At 504, a determination is made simulate a secondary user presence of a secondary user in the environment using audio modulation. For example, the audio modulation manager 110 determines to simulate the secondary user presence 116 of a secondary user in the environment 100 using audio modulation (e.g., the modulated voice audio 118). The modulated voice audio 118 can be manipulated to sound like a person who is a homeowner, or the capable adult presence in a residence, and/or any other type of person who's presence would otherwise provide some additional level of safety and/or security to someone who is home alone.

At 506, one or more selectable pre-recorded audio communications are displayed that simulate a secondary user presence. For example, the audio modulation manager 110 initiates to display one or more selectable pre-recorded and/or computer-generated audio communications that simulate the secondary user presence.

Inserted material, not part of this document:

(* Let $\mathbf{IL}\mathsf X$ be a Horn logic and $A$ a formula. If a systematic $\mathbf{IL}\mathsf X$-tableau for $\{\neg A\}$ closes, then $A$ is $\mathbf{IL}\mathsf X$-valid, i.e. $M,x\Vdash A$ for every $\mathbf{IL}\mathsf X$-model $M$ and every world $x$ of $M$.
   Context: Formulas: built from a countable set $\mathsf{Prop}$ of propositional variables by $\neg$, $\to$, unary $\Box$ and binary $\rhd$. $\mathbf{IL}$ is the modal logic with axioms all instances of propositional tautologies and the schemes $\Box(A\to B)\to(\Box A\to\Box B)$, $\Box(\Box A\to A)\to\Box A$, $\Box(A\to B)\to A\rhd B$, $(A\rhd B)\wedge(B\rhd C)\to A\rhd C$, $(A\rhd C)\wedge(B\rhd C)\to A\vee B\rhd C$, $A\rhd B\to(\Diamond A\to\Diamond B)$, $\Diamond A\rhd A$ ($\Diamond=\neg\Box\neg$), rules modus ponens and necessitation. An $\mathbf{IL}$-frame is $\langle W,R,S\rangle$ with $W\neq\emptyset$, $R$ transitive and Noetherian (no infinite chains $x_0Rx_1Rx_2\cdots$), $S$ ternary, $yS_xz$ meaning $(x,y,z)\in S$, each $S_x$ a reflexive transitive relation on $\{y:xRy\}$, and $xRyRz\Rightarrow yS_xz$. A model adds a valuation $V$; forcing standard for $\neg,\to$; $x\Vdash\Box A$ iff all $R$-successors force $A$; $x\Vdash A\rhd B$ iff for every $y$ with $xRy$, $y\Vdash A$ there is $z$ with $yS_xz$, $z\Vdash B$. $\mathbf{IL}\mathsf X$ is $\mathbf{IL}$ plus axiom schemes $\mathsf X$; it is Horn if there is a set $\mathcal C_{\mathsf X}$ of strict universal Horn sentences $\forall\cdots\forall(\varphi_1\wedge\dots\wedge\varphi_n\to\psi)$ ($n\ge0$, atomic $\varphi_i,\psi$) in the language $\{R,S\}$ such that an $\mathbf{IL}$-frame validates all theorems of $\mathbf{IL}\mathsf X$ iff it satisfies $\mathcal C_{\mathsf X}$; $\mathbf{IL}\mathsf X$-frames/models are those satisfying $\mathcal C_{\mathsf X}$. Labels: $0$; $\sigma Rn$ for a label $\sigma$, $n\in\mathbb N$; $\sigma S_\rho n$ for labels $\sigma,\rho$ with $\rho$ a strict non-empty prefix of $\sigma$. Extended formulas also allow unary operators $\Box_\rho$, $\rho$ a label. Labelled formula: $\sigma::A$. For a set $\Lambda$ of labels, $\mathbf R^\Lambda,\mathbf S^\Lambda$ are the least relations on $\Lambda$ with: (1) $\sigma,\sigma Rn\in\Lambda\Rightarrow\sigma\mathbf R\,\sigma Rn$; (2) $\mathbf R$ transitive; (3) $\sigma,\rho,\sigma S_\rho n\in\Lambda\Rightarrow\sigma\mathbf S_\rho\,\sigma S_\rho n$; (4) $\sigma\mathbf R\tau\Rightarrow\tau\mathbf S_\sigma\tau$; (5) $\rho\mathbf R\sigma\mathbf R\tau\Rightarrow\sigma\mathbf S_\rho\tau$; (6) $\sigma\mathbf S_\rho\tau\mathbf S_\rho\upsilon\Rightarrow\sigma\mathbf S_\rho\upsilon$; (7) $\sigma\mathbf S_\rho\tau\Rightarrow\rho\mathbf R\sigma,\rho\mathbf R\tau$; (8) $\langle\Lambda,\mathbf R^\Lambda,\mathbf S^\Lambda\rangle\models\mathcal C_{\mathsf X}$ (where $\sigma\mathbf S_\rho\tau$ means $(\rho,\sigma,\tau)\in\mathbf S^\Lambda$). For a branch $\mathcal B$, $\mathrm{lab}(\mathcal B)$ is the set of labels on it and relations refer to $\mathbf R^{\mathrm{lab}(\mathcal B)},\mathbf S^{\mathrm{lab}(\mathcal B)}$. A branch is closed if it contains $\sigma::A$ and $\sigma::\neg A$ for some $\sigma,A$, otherwise open. Systematic $\mathbf{IL}\mathsf X$-tableau for finite $\Gamma$: built in stages $T_0\subseteq T_1\subseteq\cdots$, nodes marked awake, asleep or finished. Stage 0: nodes $0::A$, $A\in\Gamma$, one below another, all awake. Stage $n+1$: choose an awake node $\sigma::A$ closest to the root (leftmost among ties). If $A$ is $p$ or $\neg p$ ($p\in\mathsf{Prop}$), mark it finished. Otherwise (new nodes marked awake; ''extend'' = append at the bottom): $\neg\neg B$: extend each open branch through it with $\sigma::B$; finished. $B\to C$: split each open branch through it, left $\sigma::\neg B$, right $\sigma::C$; finished. $\neg(B\to C)$: extend with $\sigma::B,\sigma::\neg C$; finished. $\Box B$: for each open branch $\mathcal B$ through it and each $\tau\in\mathrm{lab}(\mathcal B)$ with $\sigma\mathbf R\tau$, extend with $\tau::B$; asleep. $\neg\Box B$: for each open branch $\mathcal B$ through it, $n$ least with $\sigma Rn\notin\mathrm{lab}(\mathcal B)$, extend with $\sigma Rn::\neg B,\sigma Rn::\Box B$; finished; also mark awake every node $\tau::\Box D$, $\tau::D\rhd E$ on $\mathcal B$ with $\tau\mathbf R\,\sigma Rn$ and every $\tau::\Box_\kappa D$ on $\mathcal B$ with $\tau\mathbf S_\kappa\,\sigma Rn$. $\Box_\rho B$: for each branch $\mathcal B$ through it and each $\tau\in\mathrm{lab}(\mathcal B)$ with $\sigma\mathbf S_\rho\tau$, extend with $\tau::B$; asleep. $\neg\Box_\rho B$: for each open branch, $n$ least with $\sigma S_\rho n\notin\mathrm{lab}(\mathcal B)$, extend with $\sigma S_\rho n::\neg B,\sigma S_\rho n::\Box B$; finished; reawaken as in the $\neg\Box$ case with new label $\sigma S_\rho n$. $B\rhd C$: for each open branch $\mathcal B$ through it and each $\tau\in\mathrm{lab}(\mathcal B)$ with $\sigma\mathbf R\tau$, split, left $\tau::\neg B$, right $\tau::\neg\Box_\sigma\neg C$; asleep. $\neg(B\rhd C)$: for each open branch, $n$ least with $\sigma Rn\notin\mathrm{lab}(\mathcal B)$, extend with $\sigma Rn::B,\sigma Rn::\Box_\sigma\neg C,\sigma Rn::\Box\neg B$; finished; reawaken as in the $\neg\Box$ case. The systematic tableau is $\bigcup_iT_i$; it closes if all its branches are closed. *)

From Stdlib Require Import List Arith.
Import ListNotations.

The selectable audio messages can be displayed for selection on the display device of the mobile device 108, and any type of the selectable pre-recorded and/or computer-generated audio communications can be used to indicate the presence of at least someone else in the residence.

At 508, a selected one of the selectable pre-recorded audio communications is delegated as an outgoing audio communication for playback in the environment to simulate the secondary user presence. For example, the audio modulation manager 110 delegates a selected one of the pre-recorded and/or computer-generated audio communications as the outgoing audio communication 120 for playback in the environment 100 to simulate the secondary user presence 116.

FIG. 6 illustrates various components of an example device 600, which can implement aspects of the techniques and features for simulating secondary user presence using voice modulation, as described herein. The example device 600 may be implemented as any of the devices described with reference to the previous FIGS. 1-5, such as any type of a wireless device, mobile device, mobile phone, flip phone, client device, companion device, display device, tablet, computing, communication, entertainment, gaming, media playback, and/or any other type of computing and/or electronic device. For example, any one or more of the system 102, a media playback device 104, and the mobile device 108 described with reference to FIGS. 1-5 may be implemented as the example device 600.

The example device 600 can include various, different communication devices 602 that enable wired and/or wireless communication of device data 604 with other devices. The device data 604 can include any of the various devices data and content that is generated, processed, determined, received, stored, and/or communicated from one computing device to another. Generally, the device data 604 can include any form of audio, video, image, graphics, and/or electronic data that is generated by applications executing on a device. The communication devices 602 can also include transceivers for cellular phone communication and/or for any type of network data communication.

The example device 600 can also include various, different types of data input/output (I/O) interfaces 606, such as data network interfaces that provide connection and/or communication links between the devices, data networks, and other devices. The data I/O interfaces 606 may be used to couple the device to any type of components, peripherals, and/or accessory devices, such as a computer input device that may be integrated with the example device 600. The I/O interfaces 606 may also include data input ports via which any type of data, information, media content, communications, messages, and/or inputs may be received, such as user inputs to the device, as well as any type of audio, video, image, graphics, and/or electronic data received from any content and/or data source.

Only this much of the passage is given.